# math problem.



## lundbhaiz (May 31, 2012)




----------



## JamesW (May 31, 2012)

42.


----------



## Jon von der Heyden (May 31, 2012)

Close James, but not quite.  43!


----------



## lundbhaiz (May 31, 2012)

hi. sorry the photo does not come on this page. i posted photo which is funny. but i see english people make fun of me. so sorry to distrub my apologises. have a good day


----------



## Atroxell (May 31, 2012)

lund--

No one is making fun of you. The answers are a humourous reference to a book and movie called "Hitchhiker's Guide to the Galaxy", in which the answer to the question of the " Meaning of Life, the Universe and Everything" was "42". 

It is a common thing for us (english speakers) to answer "42" when an unanswerable question is posed. Or, in your case, the question was unclear. It was not directed at you. It was a pun at the failure of the site to post your image.
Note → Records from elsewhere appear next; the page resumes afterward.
(* Let $n\in\mathbb N$, let $W,W',M,M'$ be pairwise disjoint sets each of cardinality $n$, and let $w\in W$, $m'\in M'$. There exist functions $\succ_{W\cup W'}:\mathcal P(W,M)\to\mathcal F(W\cup W',M\cup M')$ and $\succ_{M\cup M'}:\mathcal P(M,W)\to\mathcal F(M\cup M',W\cup W')$ such that for every $\succ_W\in\mathcal P(W,M)$ and $\succ_M\in\mathcal P(M,W)$ the following are equivalent: (1) $w$ is single in some marriage between $W$ and $M$ that is stable with respect to $\succ_W,\succ_M$; (2) $w$ and $m'$ are married in some marriage between $W\cup W'$ and $M\cup M'$ that is stable with respect to $\succ_{W\cup W'}(\succ_W)$ and $\succ_{M\cup M'}(\succ_M)$; (3) $w$ and $m'$ are married in every marriage between $W\cup W'$ and $M\cup M'$ that is stable with respect to $\succ_{W\cup W'}(\succ_W)$ and $\succ_{M\cup M'}(\succ_M)$.
   Context: $\mathcal P(A,B)$ is the set of profiles assigning to each $a\in A$ a preference list, i.e. a totally ordered subset of $B$ (others unacceptable); $\mathcal F(A,B)\subseteq\mathcal P(A,B)$ consists of profiles in which every list contains all of $B$. A participant prefers $x$ over $x'$ if $x$ precedes $x'$ on their list, or $x$ is on the list and $x'$ is not (being single counts as being matched to someone off the list). A marriage is a one-to-one map between a subset of the women and a subset of the men; unmatched participants are single. A marriage is stable if every married participant is married to someone on their list and there is no blocking pair $(w,m)$ where $w$ prefers $m$ to her current situation and $m$ prefers $w$ to his. *)

From mathcomp Require Import all_boot.
Set Implicit Arguments. Unset Strict Implicit. Unset Printing Implicit Defensive.

Section Marriage.
Variables A B : finType.

(* A preference profile assigns to each a : A a preference list: a
   duplicate-free sequence of elements of B (earlier = more preferred);
   elements of B not on the list are unacceptable. *)
Definition is_profile (p : A -> seq B) : Prop := forall a, uniq (p a).

Definition is_full_profile (p : A -> seq B) : Prop :=
  is_profile p /\ forall a b, b \in p a.

(* a prefers x over x' (None = being single, which counts as being matched
   to someone off the list). *)
Definition prefers (p : A -> seq B) (a : A) (x x' : option B) : bool :=
  match x with
  | None => false
  | Some b =>
      (b \in p a) &&
      match x' with
      | None => true
      | Some b' => index b (p a) < index b' (p a)
      end
  end.
End Marriage.

Section Matching.
Variables Wo Me : finType.

Definition is_marriage (mu : Wo -> option Me) : Prop :=
  forall w1 w2 m, mu w1 = Some m -> mu w2 = Some m -> w1 = w2.

Definition partner (mu : Wo -> option Me) (m : Me) : option Wo :=
  [pick w | mu w == Some m].

Definition is_stable (pW : Wo -> seq Me) (pM : Me -> seq Wo)
    (mu : Wo -> option Me) : Prop :=
  is_marriage mu /\
  (forall w m, mu w = Some m -> (m \in pW w) /\ (w \in pM m)) /\
  (forall w m, ~ (prefers pW w (Some m) (mu w) &&
                  prefers pM m (Some w) (partner mu m))).
End Matching.

From mathcomp Require Import all_boot perm zify.
From Stdlib Require Import Classical.
Set Implicit Arguments. Unset Strict Implicit. Unset Printing Implicit Defensive.

(* Embed the instance (W, M) into (W + W', M + M') so that every x in W ranks
   a private man [d x] of M' right after her list, every man y of M ranks a
   private woman [e y] of W' right after his list, and each private agent
   ranks its owner first.  In a stable marriage of the big instance every x in
   W is then matched either within her list or to [d x], and the restriction
   to W and M is stable for the original profiles.  Hence (2) -> (1); the rural
   hospitals theorem (the set of single agents is the same in all stable
   marriages) gives (1) -> (3); and (3) -> (2) because stable marriages exist
   (deferred acceptance), with [d w = m']. *)

Section Partner.
Variables Wo Me : finType.
Implicit Types mu : Wo -> option Me.
Theorem lemma1p3 (R : realType) (dsp : measure_display) (T : measurableType dsp)
  (d : T -> T -> R)
  (hd : pl_is_metric d)
  (hborel : @measurable dsp T = pl_borel_sets d)
  (mu : nat -> {measure set T -> \bar R}) (M : R) (hM : 0 < M)
  (hmass : forall n, (mu n [set: T] <= M%:E)%E)
  (q : R -> R)
  (hq : {ae (@lebesgue_measure R), forall t : R,
          0 < t -> pl_conc_fun d (mu n) t @[n --> \oo] --> (q t)%:E})
  (alpha : R) (halpha : 0 < alpha)
  (hqlim : q t @[t --> +oo%R] --> (alpha : R^o))
  (tt : nat -> R) (htt_incr : {homo tt : n m / (n <= m)%N >-> n <= m})
  (htt_inf : tt n @[n --> \oo] --> +oo%R)
  (htt_conc : pl_conc_fun d (mu n) (tt n) @[n --> \oo] --> alpha%:E) :
  exists (phi : nat -> nat) (x : nat -> T) (Rk : nat -> R),
    [/\ {homo phi : n m / (n < m)%N >-> (n < m)%N},
        forall k, 0 < Rk k /\ Rk k <= tt (phi k),
        Rk k @[k --> \oo] --> +oo%R,
        mu (phi k) (pl_mball d (x k) (Rk k)) @[k --> \oo] --> alpha%:E &
        pl_concentrates_around d
          (fun k => pl_restrict (mu (phi k)) (pl_mball d (x k) (Rk k))) x].
Proof.
have [phi [x [phi_incr tight]]] :=
  tight_subsequence hd hborel hmass halpha (conc_fun_eventually_gt hq hqlim).
have [N _ tt_pos] := cvgry_gt htt_inf 0.
pose psi k := phi (k + N)%N.
have psi_incr : {homo psi : m n / (m < n)%N}.
  by move=> m n mn; apply/phi_incr; rewrite ltn_add2r.
have tight_psi eps : 0 < eps -> exists r : R, \forall k \near \oo,
    ((alpha - eps)%:E < mu (psi k) (pl_mball d (x (k + N)%N) r))%E.
  move=> eps0; have [r tight_r] := tight eps eps0.
  by exists r; exact: (cvg_addnr N _ tight_r).
have tt_psi := cvg_comp _ _ (increasing_cvgn psi_incr) htt_inf.
have conc_psi := cvg_comp _ _ (increasing_cvgn psi_incr) htt_conc.
exists psi, (fun k => x (k + N)%N), (fun k => tt (psi k)); split => //.
- move=> k; split => //; apply: tt_pos.
  exact: leq_trans (leq_addl k N) (increasing_leq phi_incr _).
- exact: (tight_mball_cvg hd hborel tight_psi tt_psi conc_psi).
- exact: (tight_restrict_concentrates hd hborel tight_psi tt_psi conc_psi).
Qed.
(* Let $S\subseteq\{0,1\}^n$ and $f:S\to\{0,1\}$. If $f$ is total (i.e. $S=\{0,1\}^n$) then $\mathsf{maxPI}(f)\le\sqrt{C_0(f)C_1(f)}$. If $f$ is partial then $\mathsf{maxPI}(f)\le\min\{\sqrt{nC_0(f)},\sqrt{nC_1(f)}\}$.
   Context: A certificate for $f$ on $x\in S$ is a set $I\subseteq[n]$ such that every $y\in S$ with $y_i=x_i$ for all $i\in I$ satisfies $f(y)=f(x)$. $C_0(f)$ (resp. $C_1(f)$) is the maximum over $x\in f^{-1}(0)$ (resp. $f^{-1}(1)$) of the minimum size of a certificate for $x$. With $p=\{p_x:x\in S\}$ ranging over families of probability distributions on $[n]$, $$\mathsf{maxPI}(f)=\min_{p}\ \max_{x,y\in S:\ f(x)\neq f(y)} \frac{1}{\max_{i:\,x_i\neq y_i}\sqrt{p_x(i)p_y(i)}}.$$ *)

From HB Require Import structures.
From mathcomp Require Import all_boot all_order all_algebra.
From mathcomp Require Import all_classical all_reals.
From mathcomp Require Import ereal.
Set Implicit Arguments. Unset Strict Implicit. Unset Printing Implicit Defensive.
Import Order.TTheory GRing.Theory Num.Theory.
Local Open Scope ring_scope.
Local Open Scope classical_set_scope.

Definition inp (n : nat) := {ffun 'I_n -> bool}.

Definition isCert n (S : {set inp n}) (f : inp n -> bool) (x : inp n)
    (I : {set 'I_n}) : bool :=
  [forall y in S, [forall i in I, y i == x i] ==> (f y == f x)].

(* minimum size of a certificate for x (the full set [n] is always one,
   so the minimum is <= n and the default n is harmless). *)
Definition minCert n (S : {set inp n}) (f : inp n -> bool) (x : inp n) : nat :=
  \big[minn/n]_(I : {set 'I_n} | isCert S f x I) #|I|.

(* C_b(f): max over x in f^{-1}(b) of minCert (0 if f^{-1}(b) is empty). *)
Definition Cb n (S : {set inp n}) (f : inp n -> bool) (b : bool) : nat :=
  \max_(x in S | f x == b) minCert S f x.

Definition C0 n (S : {set inp n}) f := Cb S f false.
Definition C1 n (S : {set inp n}) f := Cb S f true.

Definition isDist (R : realType) n (q : 'I_n -> R) : Prop :=
  (forall i, 0 <= q i) /\ \sum_(i < n) q i = 1.

Definition pairVal (R : realType) n (p : inp n -> 'I_n -> R) (x y : inp n)
    : \bar R :=
  let m := \big[Num.max/0]_(i | x i != y i) Num.sqrt (p x i * p y i) in
  if m == 0 then +oo%E else (m^-1)%:E.

(* max over pairs x, y in S with f x <> f y (0 if there are none) *)
Definition PIobj (R : realType) n (S : {set inp n}) (f : inp n -> bool)
    (p : inp n -> 'I_n -> R) : \bar R :=
  \big[Order.max/0%E]_(xy : inp n * inp n |
      [&& xy.1 \in S, xy.2 \in S & f xy.1 != f xy.2]) pairVal p xy.1 xy.2.

Definition maxPI (R : realType) n (S : {set inp n}) (f : inp n -> bool) : \bar R :=
  ereal_inf [set PIobj S f p | p in
               [set p : inp n -> 'I_n -> R | forall x, x \in S -> isDist (p x)]].

(* Let J_x be a minimum certificate for x and let p_x be uniform on J_x.
   If f x <> f y, then x and y differ somewhere on J_x.  When f is total they
   even differ somewhere on J_x ∩ J_y: otherwise the input agreeing with x on
   J_x and with y elsewhere would be certified both as f x and as f y.  At such
   an i, p_x(i) p_y(i) = 1/(|J_x| |J_y|) >= 1/(C_0 C_1).  When f is partial,
   keep p_x uniform on J_x for f x = b but take p_y uniform on all of [n] for
   f y <> b; then p_x(i) p_y(i) >= 1/(n C_b). *)
From HB Require Import structures.
From mathcomp Require Import all_boot all_order all_algebra.
From mathcomp Require Import all_classical all_reals.
From mathcomp Require Import ereal.
Import Order.TTheory GRing.Theory Num.Theory.
Local Open Scope ring_scope.

Lemma maxPI_le (R : realType) n (S : {set inp n}) (f : inp n -> bool)
    (p : inp n -> 'I_n -> R) (B : R) :
  (forall x, x \in S -> isDist (p x)) -> 0 <= B ->
  (forall x y, x \in S -> y \in S -> f x != f y ->
     exists2 i, x i != y i & 1 <= B ^+ 2 * (p x i * p y i)) ->
  (maxPI R S f <= B%:E)%E.
Proof.
move=> p_dist B_ge0 p_pair.
apply: (@le_trans _ _ (PIobj S f p)); first by apply: ereal_inf_lbound; exists p.
apply: bigmax_le => [|[x y] /and3P[/= xS yS fxy]]; first by rewrite lee_fin.
have [i xyi pxyi] := p_pair x y xS yS fxy.
rewrite /pairVal /=; set m := \big[_/_]_(j | _) _.
have pxy_gt0 : 0 < p x i * p y i.
  rewrite lt_def mulr_ge0 ?andbT; last by case: (p_dist y yS).
    by apply: contraTneq pxyi => ->; rewrite mulr0 ler10.
  by case: (p_dist x xS).
have sqrt_le_m : Num.sqrt (p x i * p y i) <= m by rewrite /m (bigD1 i) //= le_max lexx.
have m_gt0 : 0 < m by apply: lt_le_trans sqrt_le_m; rewrite sqrtr_gt0.
have one_le : 1 <= B * Num.sqrt (p x i * p y i).
  by rewrite -(ger0_norm B_ge0) -sqrtr_sqr -sqrtrM ?sqr_ge0 // -(@sqrtr1 R) ler_wsqrtr.
rewrite gt_eqF // lee_fin -[leLHS]mul1r ler_pdivrMr //.
by apply: le_trans one_le _; rewrite ler_wpM2l.
Qed.

Definition unif_on (R : realType) {n} (J : {set 'I_n}) (i : 'I_n) : R :=
  if i \in J then #|J|%:R^-1 else 0.

Lemma unif_on_isDist (R : realType) {n} (J : {set 'I_n}) :
  (0 < #|J|)%N -> isDist (unif_on R J).
Proof.
move=> J_gt0; split=> [i|]; first by rewrite /unif_on; case: ifP; rewrite ?invr_ge0.
rewrite /unif_on -big_mkcond /= sumr_const -[LHS]mulr_natr mulVf //.
by rewrite pnatr_eq0 -lt0n.
Qed.

Lemma maxPI_le_unif_on (R : realType) {n} (S : {set inp n}) (f : inp n -> bool)
    (J : inp n -> {set 'I_n}) (c : nat) :
  (forall x, x \in S -> 0 < #|J x|)%N ->
  (forall x y, x \in S -> y \in S -> f x != f y ->
     (#|J x| * #|J y| <= c)%N /\ exists i, [/\ i \in J x, i \in J y & x i != y i]) ->
  (maxPI R S f <= (Num.sqrt c%:R)%:E)%E.
Proof.
move=> J_gt0 J_pair.
apply: (@maxPI_le R n S f (fun x => unif_on R (J x))) => [x xS||x y xS yS fxy].
- exact/unif_on_isDist/J_gt0.
- exact: sqrtr_ge0.
have [card_le [i [ix iy xyi]]] := J_pair x y xS yS fxy.
exists i => //; rewrite /unif_on ix iy sqr_sqrtr ?ler0n // -invfM -natrM.
by rewrite ler_pdivlMr ?ltr0n ?muln_gt0 ?J_gt0 // mul1r ler_nat.
Qed.

Section Certificates.
Context {n : nat} (S : {set inp n}) (f : inp n -> bool).

Lemma isCert_setT x : isCert S f x [set: 'I_n].
Proof.
apply/forall_inP=> y _; apply/implyP=> /forall_inP xy.
by have -> : y = x by apply/ffunP=> i; apply/eqP/xy.
Qed.

Lemma isCert_diff {x y I} : isCert S f x I -> y \in S -> f y != f x ->
  exists2 i, i \in I & x i != y i.
Proof.
move=> /forall_inP xI yS fyx.
have : ~~ [forall i in I, y i == x i] by apply: contra fyx; apply/implyP/xI.
by rewrite negb_forall_in => /exists_inP[i iI yxi]; exists i; rewrite // eq_sym.
Qed.

Lemma isCert_meet {x y I J} : S = [set: inp n] ->
  isCert S f x I -> isCert S f y J -> f x != f y ->
  exists i, [/\ i \in I, i \in J & x i != y i].
Proof.
move=> S_full /forall_inP xI /forall_inP yJ fxy.
have [i /and3P[iI iJ xyi]|noi] := pickP [pred i | [&& i \in I, i \in J & x i != y i]].
  by exists i.
case/negP: fxy; pose z : inp n := [ffun i => if i \in I then x i else y i].
have zS : z \in S by rewrite S_full inE.
have /eqP <- : f z == f x.
  by apply: (implyP (xI z zS)); apply/forall_inP=> i iI; rewrite ffunE iI.
have /eqP <- : f z == f y; last by [].
apply: (implyP (yJ z zS)); apply/forall_inP=> i iJ; rewrite ffunE.
by case: ifP => // iI; move: (noi i); rewrite /= iI iJ /= => /negbFE.
Qed.

Definition mincert x := [arg min_(I < [set: 'I_n] | isCert S f x I) #|I|].

Lemma mincert_isCert x : isCert S f x (mincert x).
Proof. by rewrite /mincert; case: arg_minnP => //; apply: isCert_setT. Qed.

Lemma card_mincert_le x : (#|mincert x| <= minCert S f x)%N.
Proof.
rewrite /mincert; case: arg_minnP => [|I _ I_min]; first exact: isCert_setT.
apply: (big_ind (fun v => #|I| <= v)%N) => [|a b Ia Ib|J /I_min //].
- by rewrite -[X in (_ <= X)%N]card_ord max_card.
- by rewrite leq_min Ia Ib.
Qed.

(* An empty minimum certificate means f is constant on S; replacing it by [n]
   keeps the uniform distribution on it defined. *)
Definition cert x := if (0 < #|mincert x|)%N then mincert x else [set: 'I_n].

Lemma cert_isCert x : isCert S f x (cert x).
Proof. by rewrite /cert; case: ifP => _; [apply: mincert_isCert | apply: isCert_setT]. Qed.

Lemma card_cert_gt0 x : (0 < n)%N -> (0 < #|cert x|)%N.
Proof. by move=> n_gt0; rewrite /cert; case: ifP; rewrite ?cardsT ?card_ord. Qed.

Lemma card_cert_le {x y} : x \in S -> y \in S -> f y != f x ->
  (#|cert x| <= Cb S f (f x))%N.
Proof.
move=> xS yS fyx.
have [i + _] := isCert_diff (mincert_isCert x) yS fyx.
rewrite /cert card_gt0; case: eqP => [->|_ _]; first by rewrite inE.
apply: leq_trans (card_mincert_le x) _.
by apply: (@leq_bigmax_cond _ _ _ x); rewrite xS eqxx.
Qed.

End Certificates.

Lemma maxPI_le_sqrt_C0C1 (R : realType) n (S : {set inp n}) (f : inp n -> bool) :
  (0 < n)%N -> S = [set: inp n] ->
  (maxPI R S f <= (Num.sqrt ((C0 S f)%:R * (C1 S f)%:R))%:E)%E.
Proof.
move=> n_gt0 S_full; rewrite -natrM.
apply: (maxPI_le_unif_on R S f (cert S f)) => [x _|x y xS yS fxy].
  exact: card_cert_gt0.
split; last exact: (isCert_meet S f S_full (cert_isCert S f x) (cert_isCert S f y) fxy).
have := card_cert_le S f xS yS; have := card_cert_le S f yS xS fxy.
rewrite /C0 /C1; case: (f x) (f y) fxy => [] [] //= _ y_le x_le.
  by rewrite mulnC leq_mul ?x_le.
by rewrite leq_mul ?x_le.
Qed.

Lemma maxPI_le_sqrt_nCb (R : realType) n (S : {set inp n}) (f : inp n -> bool)
    (b : bool) :
  (0 < n)%N -> (maxPI R S f <= (Num.sqrt (n%:R * (Cb S f b)%:R))%:E)%E.
Proof.
move=> n_gt0; rewrite -natrM.
have other_b x y : f x != f y -> f x != b -> f y == b by case: (f x) (f y) b => [] [] [].
pose J x := if f x == b then cert S f x else [set: 'I_n].
apply: (maxPI_le_unif_on R S f J) => [x _|].
  by rewrite /J; case: ifP => _; rewrite ?card_cert_gt0 ?cardsT ?card_ord.
suff J_pair x y : x \in S -> y \in S -> f x != f y -> f x == b ->
    (#|J x| * #|J y| <= n * Cb S f b)%N /\
    exists i, [/\ i \in J x, i \in J y & x i != y i].
  move=> x y xS yS fxy; have [fxb|fxb] := boolP (f x == b); first exact: J_pair.
  have fyx : f y != f x by rewrite eq_sym.
  have [card_le [i [iy ix yxi]]] := J_pair y x yS xS fyx (other_b x y fxy fxb).
  by split; [rewrite mulnC | exists i; rewrite eq_sym].
move=> xS yS fxy /eqP fxb.
have fyb : (f y == b) = false by rewrite -fxb eq_sym (negbTE fxy).
have fyx : f y != f x by rewrite eq_sym.
rewrite /J fxb eqxx fyb cardsT card_ord mulnC leq_mul2l -fxb.
split; first by rewrite (card_cert_le S f xS yS fyx) orbT.
by have [i iJ xyi] := isCert_diff S f (cert_isCert S f x) yS fyx; exists i; rewrite inE.
Qed.

Theorem mainTheorem12 (R : realType) (n : nat) (S : {set inp n})
    (f : inp n -> bool) :
  (0 < n)%N ->
  (S = [set: inp n] ->
     (maxPI R S f <= (Num.sqrt ((C0 S f)%:R * (C1 S f)%:R))%:E)%E) /\
  (maxPI R S f <= (Num.min (Num.sqrt (n%:R * (C0 S f)%:R))
                           (Num.sqrt (n%:R * (C1 S f)%:R)))%:E)%E.
Proof.
move=> n_gt0; split; first exact: maxPI_le_sqrt_C0C1.
by rewrite EFin_min le_min !maxPI_le_sqrt_nCb.
Qed.
Lemma implC_residuated_le_iff_implC_one :
  orthocomplemented le c one -> implC_residuated -> le_iff_implC_one.
Proof.
  intros Hoc [odot Hodot] x y. split.
  - intros Hxy w. apply Min_upper_pair, is_join_compl_one_of_le; assumption.
  - intros Hone.
    assert (Hbelow : forall z, (forall w, implC le c x z w -> c y ≤ w) ->
                       forall a, odot (c y) x a -> a ≤ z).
    { intros z Hz. apply leq1_single, Hodot, leq2_single, Hz. }
    assert (Hzero : forall a, odot (c y) x a -> a ≤ zero).
    { intros a Ha. replace a with zero; [apply le_refl |]. symmetry.
      apply (orthocomplemented_disjoint Hoc (a := y)).
      - apply (Hbelow y); [| exact Ha].
        intros w Hw. apply Hone in Hw. rewrite Hw. apply lex1.
      - apply (Hbelow (c y)); [| exact Ha].
        intros w [Hw _]. apply upper_pair in Hw. apply Hw. }
    assert (Hcy : forall w, implC le c x zero w -> c y ≤ w).
    { apply leq2_single, Hodot, leq1_single, Hzero. }
    apply compl_le_compl, Hcy, (Min_upper_pair (is_join_zero_r (c x))). reflexivity.
Qed.

End OrthoPoset.

Theorem theorem3 (P : Type) (le : P -> P -> Prop) (c : P -> P) (zero one : P)
  (HP : bounded_poset_inv le c zero one)
  (Horth : orthogonal le c)
  (Hlub : lub_complete le) :
  (boolean_algebra le c zero one <->
     (forall x y, le x y <-> is_one one (implC le c x y))) /\
  ((forall x y, le x y <-> is_one one (implC le c x y)) <->
     (orthocomplemented le c one /\
      exists odot : P -> P -> pset P,
        forall x y z,
          leq1 le (odot x y) (single z) <-> leq2 le (single x) (implC le c y z))).
Proof.
  pose proof (le_iff_implC_one_orthocomplemented HP Hlub) as Hoc.
  pose proof (le_iff_implC_one_separating HP) as Hsep.
  split; split.
  - exact (boolean_le_iff_implC_one HP).
  - intros H. exact (separating_boolean_algebra HP (Hoc H) (Hsep H) Horth Hlub).
  - intros H. split; [exact (Hoc H) |].
    exact (separating_implC_residuated HP (Hoc H) (Hsep H) Horth Hlub).
  - intros [Hoc' Hres]. exact (implC_residuated_le_iff_implC_one HP Hoc' Hres).
Qed.
(* Let $p,q,r$ be integers with $1<p<q<r$, $p$ odd and $pq+pr-qr=1$, and let $n_p=(p-1)/2$. Then $D(p,q,r)=p-1$ if and only if $q-p\ge n_p$.
   Context: $t_{p,q}$, $\alpha_{p,q}$ are the quotient and remainder of $n_p$ divided by $q-p$ ($n_p=t_{p,q}(q-p)+\alpha_{p,q}$, $0\le\alpha_{p,q}<q-p$), and $D(p,q,r)=(t_{p,q}+1)(n_p+\alpha_{p,q})$. *)

From mathcomp Require Import all_boot all_order all_algebra.
Set Implicit Arguments. Unset Strict Implicit. Unset Printing Implicit Defensive.

Definition n_ (p : nat) : nat := (p - 1) %/ 2.
Definition t_ (p q : nat) : nat := n_ p %/ (q - p).
Definition alpha_ (p q : nat) : nat := n_ p %% (q - p).
Definition D (p q r : nat) : nat := (t_ p q + 1) * (n_ p + alpha_ p q).

From mathcomp Require Import all_boot all_order all_algebra.
From mathcomp Require Import zify.

(* Since p is odd, p - 1 = 2 n_p, so the claim is that, for d = q - p > 0 and
   n = t d + α with 0 <= α < d, one has (t + 1)(n + α) = 2n iff n <= d.
   If n < d then t = 0 and α = n; if n = d then t = 1 and α = 0.  If n > d then
   t >= 1, and either α > 0, so (t + 1)(n + α) >= 2(n + α) > 2n, or α = 0 and
   t >= 2, so (t + 1) n >= 3n > 2n. *)

Lemma n_double (p : nat) : odd p -> p - 1 = 2 * n_ p.
Proof.
rewrite /n_; case: p => [|p] //= /negbTE p_even.
by rewrite subn1 /= {1}(divn_eq p 2) modn2 p_even addn0 mulnC.
Qed.

Lemma divn_modn_double_le (n d : nat) :
  n <= d -> (n %/ d + 1) * (n + n %% d) = 2 * n.
Proof.
rewrite leq_eqVlt => /orP[/eqP <- | lt_nd].
  by case: n => [|n]; rewrite ?divnn ?modnn //=; lia.
by rewrite divn_small // modn_small //; lia.
Qed.

Lemma double_lt_divn_modn {n d : nat} :
  0 < d -> d < n -> 2 * n < (n %/ d + 1) * (n + n %% d).
Proof.
move=> d_gt0 lt_dn.
have def_n := divn_eq n d.
have t_gt0 : 0 < n %/ d by rewrite divn_gt0 // ltnW.
have [a_eq0 | a_gt0] := posnP (n %% d); last by nia.
have t_ge2 : 1 < n %/ d.
  by rewrite ltnNge; apply: contraTN lt_dn => t_le1; rewrite -leqNgt; nia.
by rewrite a_eq0; nia.
Qed.

Lemma divn_modn_double_iff (n d : nat) :
  0 < d -> (n %/ d + 1) * (n + n %% d) = 2 * n <-> n <= d.
Proof.
move=> d_gt0; split; last exact: divn_modn_double_le.
move=> eq_double; rewrite leqNgt; apply/negP => lt_dn.
by have := double_lt_divn_modn d_gt0 lt_dn; rewrite eq_double ltnn.
Qed.

Theorem proposition4p3 (p q r : nat) :
  1 < p -> p < q -> q < r -> odd p ->
  ((Posz p * Posz q + Posz p * Posz r - Posz q * Posz r)%R = (1%R : int)) ->
  (D p q r = p - 1 <-> n_ p <= q - p).
Proof.
move=> _ lt_pq _ odd_p _.
rewrite /D /t_ /alpha_ n_double //.
by apply: divn_modn_double_iff; rewrite subn_gt0.
Qed.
I am sure no offense was intended.

Please try again. We all enjoy a good chuckle, especially this late in the week.


----------



## Jon von der Heyden (May 31, 2012)

http://www.flickr.com/photos/79715976@N07/7306841928/in/photostream/lightbox

made me chuckle


----------



## JamesW (May 31, 2012)

lundbhaiz said:


> hi. sorry the photo does not come on this page. i posted photo which is funny. but i see english people make fun of me. so sorry to distrub my apologises. have a good day


 
Sorry mate, no offence was meant.


----------



## xenou (May 31, 2012)

And you can google it:

_The Answer to Life, the Universe, and Everything_

Google spits out the answer using its calculator (and of course many, many links as well).


----------



## diddi (May 31, 2012)

wheres the picture?

was it deleted to make room for a hyperspace freeway or something?


----------



## Michael M (Jun 1, 2012)

I think the squiggly bits got in the way....


----------



## JamesW (Jun 1, 2012)

diddi said:


> wheres the picture?
> 
> Was it deleted to make room for a hyperspace freeway or something?


 
lol


----------